▶ [TASK OBJECTIVE]
Beginning at the line that contains "set v := \sum_(j < _) _ in hu.", return every remaining line of the data below exactly; return nothing before it.

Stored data
(* Power series are handled through their truncations: polynomials over Z/4
   compared coefficientwise up to a degree N.  Modulo 4,
   (1 - x) / (1 + x) = 1 + 2 (x + x^2 + ...), so
   f_k = (-q^k; q^k)_oo * (1 + 2 sum_{m, r >= 1} q^(k m r)); the terms with m <> r
   cancel in pairs, leaving f_k = (-q^k; q^k)_oo * (1 + 2 T_k) with
   T_k = sum_{j >= 1} q^(k j^2).  Since f_2k = f_k * (-q^k; q^k)_oo, this gives
   f_k^2 = f_2k * (1 + 2 T_k).  Clearing the denominator f_1^2 f_2^(2c-2) of
   abar_c and using (1 + 2 T)^2 = 1 yields
   abar_c = (1 + 2 T_1) (1 + 2 T_2)^(c-1) = 1 + 2 T_1 + 2 (c - 1) T_2  (mod 4),
   and no n >= 1 is both a square and twice a square. *)

From mathcomp Require Import all_boot all_order all_algebra.
From mathcomp Require Import zify ring.
Import Order.TTheory GRing.Theory Num.Theory.
Local Open Scope ring_scope.

Set Implicit Arguments.
Unset Strict Implicit.
Unset Printing Implicit Defensive.

Section Truncation.

Context {R : comNzRingType}.
Implicit Types (N : nat) (p q u : {poly R}) (a b : series).

Definition eq_upto N p q := [forall i : 'I_N.+1, p`_i == q`_i].

Lemma eq_uptoP N p q :
  reflect (forall i, (i <= N)%N -> p`_i = q`_i) (eq_upto N p q).
Proof.
apply: (iffP forallP) => [h i hi | h i]; last by apply/eqP/h; rewrite -ltnS.
by have /eqP := h (Ordinal (hi : (i < N.+1)%N)).
Qed.

Lemma eq_upto_refl N p : eq_upto N p p.
Proof. exact/eq_uptoP. Qed.

Lemma eq_upto_sym N p q : eq_upto N p q -> eq_upto N q p.
Proof. by move/eq_uptoP=> hpq; apply/eq_uptoP => i hi; rewrite hpq. Qed.

Lemma eq_upto_trans N p q r : eq_upto N p q -> eq_upto N q r -> eq_upto N p r.
Proof.
by move=> /eq_uptoP hpq /eq_uptoP hqr; apply/eq_uptoP => i hi; rewrite hpq ?hqr.
Qed.

Lemma eq_uptoB N p p' q q' :
  eq_upto N p p' -> eq_upto N q q' -> eq_upto N (p - q) (p' - q').
Proof.
move=> /eq_uptoP hp /eq_uptoP hq; apply/eq_uptoP => i hi.
by rewrite !coefB hp ?hq.
Qed.

Lemma eq_uptoM N p p' q q' :
  eq_upto N p p' -> eq_upto N q q' -> eq_upto N (p * q) (p' * q').
Proof.
move=> /eq_uptoP hp /eq_uptoP hq; apply/eq_uptoP => i hi.
rewrite !coefM; apply: eq_bigr => -[j /= hj] _.
by rewrite hp ?hq //; lia.
Qed.

Lemma eq_uptoX N p p' m : eq_upto N p p' -> eq_upto N (p ^+ m) (p' ^+ m).
Proof.
move=> hp; elim: m => [|m IHm]; first exact: eq_upto_refl.
by rewrite !exprS; apply: eq_uptoM.
Qed.

Lemma eq_upto_prod N (I : Type) (r : seq I) (P : pred I) (F G : I -> {poly R}) :
  (forall i, P i -> eq_upto N (F i) (G i)) ->
  eq_upto N (\prod_(i <- r | P i) F i) (\prod_(i <- r | P i) G i).
Proof.
move=> hFG; apply: (big_ind2 (eq_upto N)) => //; first exact: eq_upto_refl.
exact: eq_uptoM.
Qed.

Lemma eq_upto_addXn N p q d : (N < d)%N -> eq_upto N p (p + q * 'X^d).
Proof.
move=> ltNd; apply/eq_uptoP => i hi; rewrite coefD coefMXn.
have -> : (i < d)%N by lia.
by rewrite addr0.
Qed.

Lemma coef0X p m : (p ^+ m)`_0 = p`_0 ^+ m.
Proof. exact: (rmorphXn (coefp 0)). Qed.

Lemma coef_expr_eq0 p j i : p`_0 = 0 -> (i < j)%N -> (p ^+ j)`_i = 0.
Proof.
move=> p0; elim: j i => [|j IHj] i // lt_ij; rewrite exprS coefM.
apply: big1 => -[[|l] hl] _ /=; first by rewrite p0 mul0r.
by rewrite IHj ?mulr0 //; lia.
Qed.

Lemma eq_upto_mul_geom N p :
  p`_0 = 1 -> eq_upto N (p * \sum_(j < N.+1) (1 - p) ^+ j) 1.
Proof.
move=> p0; apply/eq_uptoP => i hi; set v := 1 - p.
have v0 : v`_0 = 0 by rewrite coefB coef1 p0 subrr.
have -> : p * \sum_(j < N.+1) v ^+ j = 1 - v ^+ N.+1.
  by rewrite -[p](subKr 1) -/v -opprB mulNr -subrX1 opprB.
by rewrite coefB coef_expr_eq0 ?subr0.
Qed.

Lemma eq_upto_mulIr N u p q :
  u`_0 = 1 -> eq_upto N (p * u) (q * u) -> eq_upto N p q.
Proof.
move=> u0 hpq; have hu := eq_upto_mul_geom N u0.
set v := \sum_(j < _) _ in hu.
have hp : eq_upto N p (p * u * v).
  rewrite -mulrA -[X in eq_upto _ X _]mulr1.
  exact: eq_uptoM (eq_upto_refl _ _) (eq_upto_sym hu).
have hq : eq_upto N (q * u * v) q.
  by rewrite -mulrA -[X in eq_upto _ _ X]mulr1; apply: eq_uptoM (eq_upto_refl _ _) hu.
by apply: eq_upto_trans hp (eq_upto_trans (eq_uptoM hpq (eq_upto_refl _ _)) hq).
Qed.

▶ [ANSWER FOR THIS EXERCISE]
set v := \sum_(j < _) _ in hu.
have hp : eq_upto N p (p * u * v).
  rewrite -mulrA -[X in eq_upto _ X _]mulr1.
  exact: eq_uptoM (eq_upto_refl _ _) (eq_upto_sym hu).
have hq : eq_upto N (q * u * v) q.
  by rewrite -mulrA -[X in eq_upto _ _ X]mulr1; apply: eq_uptoM (eq_upto_refl _ _) hu.
by apply: eq_upto_trans hp (eq_upto_trans (eq_uptoM hpq (eq_upto_refl _ _)) hq).
Qed.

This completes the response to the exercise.